Every line below is to be quoted exactly, with nothing added or dropped.

··········

Lemma qform_le_opnorm (R : realType) n (X : 'M[R[i]]_n) M : 0 <= M ->
    (forall v, vnorm (X *m v) <= M * vnorm v) ->
  forall v, qform X v <= opnorm X * sqnorm v.
Proof.
move=> M0 XM v; rewrite /qform -[X in mxform X]mul1mx -mxformMr.
apply: le_trans (Re_mxform1_le _ _) _.
rewrite -vnorm_sqr expr2 mulrCA ler_wpM2l ?vnorm_ge0 //.
exact: vnorm_mulmx_le_opnorm M0 XM v.
Qed.

Section PositivePart.
Variables (R : realType) (n : nat).
Local Notation C := R[i].

(* With [r = |P v|]: Cauchy-Schwarz for the form of [P] gives
   [r^4 <= <v, P v> <P v, P^2 v> <= (|v| r) (M r^2)], because [P - N] and [P]
   have the same form at [P v]. *)
Lemma vnorm_pos_part_le (P N : 'M[C]_n) (M : R) : 0 <= M -> psd P -> N *m P = 0 ->
    (forall v, qform (P - N) v <= M * sqnorm v) ->
  forall v, vnorm (P *m v) <= M * vnorm v.
Proof.
move=> M0 hP NP0 hM v; set r := vnorm (P *m v).
have [r0|rn0] := eqVneq r 0; first by rewrite r0 mulr_ge0 ?vnorm_ge0.
have rpos : 0 < r by rewrite lt0r rn0 vnorm_ge0.
have r2E : r ^+ 2 = complex.Re (mxform P v (P *m v)).
  by rewrite vnorm_sqr -qform1 /qform mxformMl mulmx1 (psd_herm hP).
have qPv : qform P v <= vnorm v * r.
  by rewrite /qform -[X in mxform X]mul1mx -mxformMr Re_mxform1_le.
have qPPv : qform P (P *m v) <= M * r ^+ 2.
  have qN : qform N (P *m v) = 0 by rewrite /qform mxformMr NP0 mxform0m.
  by have := hM (P *m v); rewrite qformD qformN qN subr0 vnorm_sqr.
have cs := qform_cauchy_schwarz v (P *m v) hP; rewrite -r2E in cs.
have h4 : r ^+ 3 * r <= r ^+ 3 * (M * vnorm v).
  rewrite -exprSr (_ : 4 = 2 * 2)%N // exprM; apply: le_trans cs _.
  apply: le_trans (ler_pM (psd_qform_ge0 _ hP) (psd_qform_ge0 _ hP) qPv qPPv) _.
  by have -> : vnorm v * r * (M * r ^+ 2) = r ^+ 3 * (M * vnorm v) by ring.
by rewrite ler_pM2l ?exprn_gt0 in h4.
Qed.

··········

*Problem solution*.
Lemma qform_le_opnorm (R : realType) n (X : 'M[R[i]]_n) M : 0 <= M ->
    (forall v, vnorm (X *m v) <= M * vnorm v) ->
  forall v, qform X v <= opnorm X * sqnorm v.
Proof.
move=> M0 XM v; rewrite /qform -[X in mxform X]mul1mx -mxformMr.
apply: le_trans (Re_mxform1_le _ _) _.
rewrite -vnorm_sqr expr2 mulrCA ler_wpM2l ?vnorm_ge0 //.
exact: vnorm_mulmx_le_opnorm M0 XM v.
Qed.

Section PositivePart.
Variables (R : realType) (n : nat).
Local Notation C := R[i].

(* With [r = |P v|]: Cauchy-Schwarz for the form of [P] gives
   [r^4 <= <v, P v> <P v, P^2 v> <= (|v| r) (M r^2)], because [P - N] and [P]
   have the same form at [P v]. *)
Lemma vnorm_pos_part_le (P N : 'M[C]_n) (M : R) : 0 <= M -> psd P -> N *m P = 0 ->
    (forall v, qform (P - N) v <= M * sqnorm v) ->
  forall v, vnorm (P *m v) <= M * vnorm v.
Proof.
move=> M0 hP NP0 hM v; set r := vnorm (P *m v).
have [r0|rn0] := eqVneq r 0; first by rewrite r0 mulr_ge0 ?vnorm_ge0.
have rpos : 0 < r by rewrite lt0r rn0 vnorm_ge0.
have r2E : r ^+ 2 = complex.Re (mxform P v (P *m v)).
  by rewrite vnorm_sqr -qform1 /qform mxformMl mulmx1 (psd_herm hP).
have qPv : qform P v <= vnorm v * r.
  by rewrite /qform -[X in mxform X]mul1mx -mxformMr Re_mxform1_le.
have qPPv : qform P (P *m v) <= M * r ^+ 2.
  have qN : qform N (P *m v) = 0 by rewrite /qform mxformMr NP0 mxform0m.
  by have := hM (P *m v); rewrite qformD qformN qN subr0 vnorm_sqr.
have cs := qform_cauchy_schwarz v (P *m v) hP; rewrite -r2E in cs.
have h4 : r ^+ 3 * r <= r ^+ 3 * (M * vnorm v).
  rewrite -exprSr (_ : 4 = 2 * 2)%N // exprM; apply: le_trans cs _.
  apply: le_trans (ler_pM (psd_qform_ge0 _ hP) (psd_qform_ge0 _ hP) qPv qPPv) _.
  by have -> : vnorm v * r * (M * r ^+ 2) = r ^+ 3 * (M * vnorm v) by ring.
by rewrite ler_pM2l ?exprn_gt0 in h4.
Qed.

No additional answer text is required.